I did not see Ziffirelli’s “Romeo and Juliet” until many years later, at the Parkway Theater, a repertory (or revival) house on Broadway near Diversey on Chicago’s north side. I don’t remember much of it, even the bedroom scene. Had I seen the movie when it first came out (and I was 12 years old), my head might have exploded.

Then again, my preferred reading material at the time was the Sears quarterly catalogue. The lingerie and women’s swimsuit sections, specifically. So, basically, anything that even hinted at female skin would have caused my head to explode.

In any case, that bedroom scene caused quite a stir in 1968. The general reaction to it was split: some people thought it was a sure sign that civilization was coming to an end; others welcomed it as yet another example of America throwing off the repressive chains of its past.

If I recall correctly, Playboy magazine included a still from the bedroom scene in its annual Sex in Cinema feature covering that year. (More on Playboy later.)

An Italian/British production made for $850,000, “Romeo and Juliet” grossed more than $38 million, worldwide. It was, to be sure, a smashing financial success.

Cut to the last week of the year 2022. The two stars, Hussey and Whiting, filed a lawsuit against Paramount Pictures, the studio that made Ziffirelli’s “Romeo and Juliet,” claiming sexual harassment, negligence, fraud, emotional distress, unfair business practices, and child sexual abuse. Ziffirelli died three years ago. The suit, acc’d’g to reports, seeks up to a half billion dollars in damages.

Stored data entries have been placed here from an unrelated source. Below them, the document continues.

(* For every $\varepsilon>0$ there exists $n_0$ such that for all $n\ge n_0$, $$\frac{\sqrt[3]{6\ln 2}-\varepsilon}{n^{4/3}}\le p_1^*(n)\le\frac{\sqrt[3]{6\ln 2}+\varepsilon}{n^{4/3}}.$$
   Context: $G(n,p)$ is the Erdős–Rényi random graph on $n$ labelled vertices in which each of the $\binom n2$ possible edges is present independently with probability $p$; $\mathbb{P}_{n,p}$ is the corresponding probability. A distance graph in $\mathbb{R}^d$ is a finite graph $(V,E)$ with $V\subset\mathbb{R}^d$ finite and $E\subseteq\{\{\mathbf{x},\mathbf{y}\}\subseteq V: |\mathbf{x}-\mathbf{y}|=1\}$ (Euclidean norm). A graph is realizable in $\mathbb{R}^d$ as a distance graph if it is isomorphic to some distance graph in $\mathbb{R}^d$. For $d\ge1$, $p_d^*(n)=\sup\{p\in[0,1]:\ \mathbb{P}_{n,p}(G \text{ is realizable in } \mathbb{R}^d \text{ as a distance graph})>\tfrac12\}$. *)

From Stdlib Require Import Reals List Arith ClassicalEpsilon.
Import ListNotations.
Open Scope R_scope.

(* Vertices of G(n,p) are 0,...,n-1.  The potential edges are the pairs
   (i,j) with i < j < n; there are binom(n,2) of them. *)
Definition pairs (n : nat) : list (nat * nat) :=
  flat_map (fun j => map (fun i => (i, j)) (seq 0 j)) (seq 0 n).

Fixpoint sublists {A : Type} (l : list A) : list (list A) :=
  match l with
  | [] => [[]]
  | x :: l' => let r := sublists l' in r ++ map (cons x) r
  end.

(* The graph on vertex set {0,..,n-1} with edge set S is realizable in R^d
   as a distance graph: there is an injective placement of the vertices in
   R^d (here d = 1, so R with the Euclidean norm |.|) such that every edge
   joins two points at distance exactly 1. *)
Definition realizable_R1 (n : nat) (S : list (nat * nat)) : Prop :=
  exists f : nat -> R,
    (forall i j : nat, (i < n)%nat -> (j < n)%nat -> f i = f j -> i = j) /\
    (forall e, In e S -> Rabs (f (fst e) - f (snd e)) = 1).

(* P_{n,p}(G realizable in R^1): sum over all edge sets S of the weight
   p^|S| (1-p)^(binom(n,2) - |S|) of those S that are realizable. *)
Definition prob_realizable (n : nat) (p : R) : R :=
  let E := pairs n in
  fold_right Rplus 0
    (map (fun S =>
            if excluded_middle_informative (realizable_R1 n S)
            then p ^ length S * (1 - p) ^ (length E - length S)
            else 0)
         (sublists E)).

(* The set whose supremum is p_1^*(n). *)
Definition pstar_set (n : nat) (p : R) : Prop :=
  0 <= p <= 1 /\ prob_realizable n p > 1 / 2.

(* A distance graph on the line has no claw K_{1,3}, since a point of the line has
   only two points at distance 1.  Conversely a graph without claws, triangles,
   4-cycles and paths on five vertices is a disjoint union of paths with at most
   four vertices, and embeds in the line.  For p of order n^(-4/3) the expected
   number of triangles, 4-cycles and 5-vertex paths tends to 0, while the number
   of claws has mean lambda ~ n^4 p^3 / 6 and is asymptotically Poisson: Harris'
   inequality gives P(realizable) >= e^(-lambda - o(1)), and Janson's inequality
   gives P(realizable) <= P(no claw) <= e^(-lambda + o(1)).  So P(realizable)
   crosses 1/2 where lambda = ln 2, that is at p = (6 ln 2)^(1/3) n^(-4/3). *)

From Stdlib Require Import Reals Lra Lia Psatz List Arith ClassicalEpsilon Classical ZArith Sorted.
Import ListNotations.
Open Scope R_scope.

(** * Random edge sets *)

(* [prob p l A] is the probability that the random sublist of [l] obtained by
   keeping each element independently with probability [p] satisfies [A]. *)
Fixpoint prob {E : Type} (p : R) (l : list E) (A : list E -> Prop) : R :=
  match l with
  | [] => if excluded_middle_informative (A []) then 1 else 0
  | x :: l' => (1 - p) * prob p l' A + p * prob p l' (fun S => A (x :: S))
  end.

Lemma incl_cons_cons {E} (x : E) S l : incl S l -> incl (x :: S) (x :: l).
Proof. intros H z [<-|Hz]; [left; auto | right; auto]. Qed.

Lemma prob_ext_in {E} p (l : list E) A B :
  (forall S, incl S l -> (A S <-> B S)) -> prob p l A = prob p l B.
Proof.
  induction l as [|x l IH] in A, B |- *; intros H; simpl.
  - assert (A [] <-> B []) as HAB by (apply H; intros z []).
    destruct (excluded_middle_informative (A [])), (excluded_middle_informative (B []));
      tauto || reflexivity.
  - rewrite (IH A B), (IH (fun S => A (x :: S)) (fun S => B (x :: S))); auto.
    + intros S HS; apply H, incl_cons_cons, HS.
    + intros S HS; apply H, incl_tl, HS.
Qed.

Lemma prob_ext {E} p (l : list E) A B : (forall S, A S <-> B S) -> prob p l A = prob p l B.
Proof. intros H; apply prob_ext_in; auto. Qed.

Lemma prob_eq0 {E} p (l : list E) A : (forall S, incl S l -> ~ A S) -> prob p l A = 0.
Proof.
  induction l as [|x l IH] in A |- *; intros H; simpl.
  - destruct (excluded_middle_informative (A [])) as [a|]; auto.
    exfalso; apply (H []); auto; intros z [].
  - rewrite (IH A), (IH (fun S => A (x :: S))); [ring | |].
    + intros S HS; apply H, incl_cons_cons, HS.
    + intros S HS; apply H, incl_tl, HS.
Qed.

Lemma prob_eq1 {E} p (l : list E) A : (forall S, A S) -> prob p l A = 1.
Proof.
  induction l as [|x l IH] in A |- *; intros H; simpl.
  - destruct (excluded_middle_informative (A [])) as [|n]; [reflexivity | contradiction (n (H []))].
  - rewrite (IH A), (IH (fun S => A (x :: S))); auto; ring.
Qed.

Lemma prob_zero {E} (l : list E) A : prob 0 l A = if excluded_middle_informative (A []) then 1 else 0.
Proof. induction l as [|x l IH] in A |- *; simpl; auto. rewrite IH. ring. Qed.

Lemma prob_bounds {E} p (l : list E) A : 0 <= p <= 1 -> 0 <= prob p l A <= 1.
Proof.
  intros Hp. induction l as [|x l IH] in A |- *; simpl.
  - destruct (excluded_middle_informative (A [])); lra.
  - destruct (IH A), (IH (fun S => A (x :: S))). nra.
Qed.

Lemma prob_split {E} p (l : list E) A B :
  prob p l A = prob p l (fun S => A S /\ B S) + prob p l (fun S => A S /\ ~ B S).
Proof.
  induction l as [|x l IH] in A, B |- *; simpl.
  - destruct (excluded_middle_informative (A [])),
      (excluded_middle_informative (A [] /\ B [])),
      (excluded_middle_informative (A [] /\ ~ B [])); tauto || lra.
  - rewrite (IH A B), (IH (fun S => A (x :: S)) (fun S => B (x :: S))). ring.
Qed.

Lemma prob_compl {E} p (l : list E) A : prob p l A + prob p l (fun S => ~ A S) = 1.
Proof.
  rewrite <- (prob_eq1 p l (fun _ => True)) by auto.
  rewrite (prob_split p l (fun _ => True) A).
  f_equal; apply prob_ext; tauto.
Qed.

Lemma prob_le {E} p (l : list E) A B : 0 <= p <= 1 ->
  (forall S, A S -> B S) -> prob p l A <= prob p l B.
Proof.
  intros Hp H. rewrite (prob_split p l B A), (prob_ext p l (fun S => B S /\ A S) A) by firstorder.
  pose proof (prob_bounds p l (fun S => B S /\ ~ A S) Hp). lra.
Qed.

Lemma prob_le_in {E} p (l : list E) A B : 0 <= p <= 1 ->
  (forall S, incl S l -> A S -> B S) -> prob p l A <= prob p l B.
Proof.
  intros Hp H. rewrite (prob_ext_in p l A (fun S => A S /\ incl S l)) by tauto.
  apply prob_le; firstorder.
Qed.

Lemma prob_or_le {E} p (l : list E) A B : 0 <= p <= 1 ->
  prob p l (fun S => A S \/ B S) <= prob p l A + prob p l B.
Proof.
  intros Hp. rewrite (prob_split p l _ A).
  assert (prob p l (fun S => (A S \/ B S) /\ A S) <= prob p l A) by (apply prob_le; tauto).
  assert (prob p l (fun S => (A S \/ B S) /\ ~ A S) <= prob p l B) by (apply prob_le; tauto).
  lra.
Qed.

Lemma prob_const_and {E} p (l : list E) (P : Prop) A :
  prob p l (fun S => P /\ A S) = if excluded_middle_informative P then prob p l A else 0.
Proof.
  destruct (excluded_middle_informative P).
  - apply prob_ext; tauto.
  - apply prob_eq0; tauto.
Qed.

Definition down_closed {E} (A : list E -> Prop) := forall S T, incl S T -> A T -> A S.
Definition up_closed {E} (A : list E -> Prop) := forall S T, incl S T -> A S -> A T.

Lemma down_closed_cons {E} (A : list E -> Prop) x : down_closed A -> down_closed (fun S => A (x :: S)).
Proof. intros H S T HST; apply H, incl_cons_cons, HST. Qed.

Lemma down_closed_not {E} (A : list E -> Prop) : up_closed A -> down_closed (fun S => ~ A S).
Proof. intros H S T HST HT HS; apply HT; eapply H; eauto. Qed.

Lemma prob_cons_le {E} p (l : list E) A x : 0 <= p <= 1 -> down_closed A ->
  prob p l (fun S => A (x :: S)) <= prob p l A.
Proof. intros Hp H; apply prob_le; auto; intros S; apply H, incl_tl, incl_refl. Qed.

Lemma harris {E} p (l : list E) A B : 0 <= p <= 1 -> down_closed A -> down_closed B ->
  prob p l A * prob p l B <= prob p l (fun S => A S /\ B S).
Proof.
  intros Hp. induction l as [|x l IH] in A, B |- *; intros HA HB; simpl.
  - destruct (excluded_middle_informative (A [])), (excluded_middle_informative (B [])),
      (excluded_middle_informative (A [] /\ B [])); tauto || lra.
  - pose proof (IH A B HA HB).
    pose proof (IH _ _ (down_closed_cons A x HA) (down_closed_cons B x HB)).
    pose proof (prob_cons_le p l A x Hp HA). pose proof (prob_cons_le p l B x Hp HB).
    pose proof (prob_bounds p l A Hp). pose proof (prob_bounds p l B Hp).
    pose proof (prob_bounds p l (fun S => A (x :: S)) Hp).
    pose proof (prob_bounds p l (fun S => B (x :: S)) Hp).
    (* conditioning on [x] leaves the gap [p (1 - p) (a0 - a1) (b0 - b1)], both differences being >= 0 *)
    set (a0 := prob p l A) in *. set (b0 := prob p l B) in *.
    set (a1 := prob p l (fun S => A (x :: S))) in *. set (b1 := prob p l (fun S => B (x :: S))) in *.
    assert (0 <= p * (1 - p) * ((a0 - a1) * (b0 - b1))) by (apply Rmult_le_pos; nra).
    nra.
Qed.

Lemma harris_up_down {E} p (l : list E) A B : 0 <= p <= 1 -> up_closed A -> down_closed B ->
  prob p l (fun S => A S /\ B S) <= prob p l A * prob p l B.
Proof.
  intros Hp HA HB.
  pose proof (harris p l _ _ Hp (down_closed_not A HA) HB) as H; cbv beta in H.
  pose proof (prob_compl p l A).
  pose proof (prob_split p l B A) as Hs.
  rewrite (prob_ext p l (fun S => B S /\ A S) (fun S => A S /\ B S)) in Hs by tauto.
  rewrite (prob_ext p l (fun S => ~ A S /\ B S) (fun S => B S /\ ~ A S)) in H by tauto.
  replace (prob p l (fun S => ~ A S)) with (1 - prob p l A) in H by lra.
  rewrite Hs in *. nra.
Qed.

Lemma prob_down_closed_antimono {E} (l : list E) A p q : 0 <= p -> p <= q -> q <= 1 ->
  down_closed A -> prob q l A <= prob p l A.
Proof.
  intros Hp Hpq Hq. induction l as [|x l IH] in A |- *; intros HA; simpl; [lra|].
  pose proof (IH A HA). pose proof (IH _ (down_closed_cons A x HA)).
  pose proof (prob_cons_le p l A x ltac:(lra) HA).
  pose proof (prob_bounds q l A ltac:(lra)). pose proof (prob_bounds q l (fun S => A (x :: S)) ltac:(lra)).
  nra.
Qed.

Definition depends_only_on {E} (P : E -> Prop) (A : list E -> Prop) :=
  forall S T, (forall e, P e -> (In e S <-> In e T)) -> (A S <-> A T).

Lemma depends_only_on_cons {E} P (A : list E -> Prop) x :
  depends_only_on P A -> depends_only_on P (fun S => A (x :: S)).
Proof. intros H S T HST; apply H; intros e He; specialize (HST e He); simpl; tauto. Qed.

Lemma depends_only_on_irrelevant {E} P (A : list E -> Prop) x :
  depends_only_on P A -> ~ P x -> forall S, A (x :: S) <-> A S.
Proof. intros H Hx S; apply H; intros e He; simpl; split; [intros [->|]|]; tauto. Qed.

Hussey, born April 17, 1951 in Buenos Aires, is now 71 years old. Whiting, born June 30, 1950 in London, is now 72. Hussey and Whiting were hailed as Hollywood’s next big things 54 years ago. Hussey would go on to appear in some 50 movies and TV shows, most of them eminently forgettable. She did re-emerge from Hollywood anonymity in 1977 when she portrayed the Virgin Mary in the made-for-television production, “Jesus of Nazareth.” Her last appearance on the screen was in 2015, when she was 64 years old.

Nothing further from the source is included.